**WHAT YOU HAVE TO DO**: Every line of the records below from the line with "(* Double counting: the" up to and including the line with "(l : seq (seq" must be reproduced exactly, and no line outside that range.

**INPUT DATA**:
★ ★ ★ ★ ★ ★ ★

(* Let $T$ be a tree with at least two vertices. Then $$F(T)=\frac{1}{2}\sum_{v\in V(T)} F(T_v).$$
   Context: For a finite undirected graph $G=(V,E)$, a shelling of $G$ is a total ordering $\sigma(1),\ldots,\sigma(|E|)$ of $E$ such that for every $k$ the edges $\sigma(1),\ldots,\sigma(k)$ form a connected subgraph; $F(G)$ is the number of shellings of $G$. For a vertex $v$ of a tree $T$, $T_v$ denotes $T$ rooted at $v$, a shelling of $T_v$ is a shelling $\sigma$ of $T$ whose first edge $\sigma(1)$ is incident to $v$, and $F(T_v)$ is the number of shellings of $T_v$. *)

From mathcomp Require Import all_boot all_order all_algebra.
Set Implicit Arguments. Unset Strict Implicit. Unset Printing Implicit Defensive.

Section Graphs.
Variable (T : finType) (e : rel T).

Definition simple_graph : Prop := symmetric e /\ irreflexive e.

Definition edges : {set {set T}} :=
  [set s : {set T} | [exists x, exists y, e x y && (s == [set x; y])]].

Definition graph_connected : Prop := forall x y : T, connect e x y.

Definition acyclic : Prop :=
  forall c : seq T, uniq c -> 3 <= size c -> ~~ cycle e c.

Definition is_tree : Prop := simple_graph /\ graph_connected /\ acyclic.

Definition edges_connected (S : seq {set T}) : bool :=
  [forall x, forall y,
     ((x \in \bigcup_(s <- S) s) && (y \in \bigcup_(s <- S) s)) ==>
     connect [rel a b | [set a; b] \in S] x y].

Definition is_shelling (s : seq {set T}) : bool :=
  perm_eq s (enum edges) &&
  [forall k : 'I_(size s).+1, (0 < k) ==> edges_connected (take k s)].

(* F(G): number of shellings (permutations of enum edges is duplicate-free
   and lists every ordering of the edges exactly once). *)
Definition F : nat := count is_shelling (permutations (enum edges)).

(* F(T_v): shellings whose first edge is incident to v. *)
Definition F_root (v : T) : nat :=
  count (fun s => is_shelling s && (v \in head set0 s))
        (permutations (enum edges)).

End Graphs.

From mathcomp Require Import all_boot all_order all_algebra.
Import GRing.Theory.
Local Open Scope ring_scope.

(* Double counting: the first edge of every shelling has exactly two
   endpoints, so summing F(T_v) over all vertices v counts every shelling
   twice.  A tree on at least two vertices has an edge, so shellings are
   nonempty and do have a first edge. *)

Lemma sum_count_mem_head (T : finType) (P : pred (seq {set T}))
    (l : seq (seq {set T})) :
  (\sum_(v : T) count (fun s => P s && (v \in head set0 s)) l
    = \sum_(s <- l | P s) #|head set0 s|)%N.
Proof.
under eq_bigr do rewrite -sum1_count big_mkcond.
rewrite exchange_big [RHS]big_mkcond /=; apply: eq_bigr => s _.
case: (P s) => /=.
- by rewrite -sum1_card [RHS]big_mkcond.
- by rewrite big1.
Qed.

Section Edges.
Variables (T : finType) (e : rel T).

Lemma card_edge {A : {set T}} : irreflexive e -> A \in edges e -> #|A| = 2.
Proof.
move=> irr_e; rewrite inE => /existsP [x /existsP [y /andP [exy /eqP ->]]].
by rewrite cards2; case: eqP exy => [-> | //]; rewrite irr_e.
Qed.

Lemma connected_edges_neq0 : graph_connected e -> (1 < #|T|)%N -> edges e != set0.
Proof.
move=> conn /card_gt1P [x [y [_ _ neq_xy]]].
have /connectP [[|z p] /= path_p last_p] := conn x y.
  by rewrite last_p eqxx in neq_xy.
apply/set0Pn; exists [set x; z]; rewrite inE; apply/existsP; exists x.
by apply/existsP; exists z; rewrite eqxx andbT; case/andP: path_p.
Qed.

Lemma shelling_head_edge {s : seq {set T}} :
  edges e != set0 -> is_shelling e s -> head set0 s \in edges e.
Proof.
case/set0Pn=> A A_edge /andP [/perm_mem mem_s _].
case: s mem_s => [|B s] mem_s /=; last by rewrite -mem_enum -mem_s mem_head.
by have := mem_s A; rewrite mem_enum A_edge in_nil.
Qed.

Lemma sum_F_root : irreflexive e -> edges e != set0 ->
  (\sum_(v : T) F_root e v = 2 * F e)%N.
Proof.
move=> irr_e edges_e; rewrite /F_root sum_count_mem_head /F -sum1_count big_distrr.
by apply: eq_bigr => s /(shelling_head_edge edges_e)/(card_edge irr_e) ->.
Qed.

End Edges.

Theorem proposition3p6 (T : finType) (e : rel T) :
  is_tree e -> (1 < #|T|)%N ->
  (F e)%:R = (1 / 2 : rat) * \sum_(v : T) ((F_root e v)%:R : rat).
Proof.
move=> [[_ irr_e] [conn_e _]] card_T.
rewrite -natr_sum sum_F_root ?connected_edges_neq0 // natrM.
by rewrite mulrA mul1r mulVf // mul1r.
Qed.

★ ★ ★ ★ ★ ★ ★

**SOLUTION TO THE EXERCISE**:
(* Double counting: the first edge of every shelling has exactly two
   endpoints, so summing F(T_v) over all vertices v counts every shelling
   twice.  A tree on at least two vertices has an edge, so shellings are
   nonempty and do have a first edge. *)

Lemma sum_count_mem_head (T : finType) (P : pred (seq {set T}))
    (l : seq (seq {set T})) :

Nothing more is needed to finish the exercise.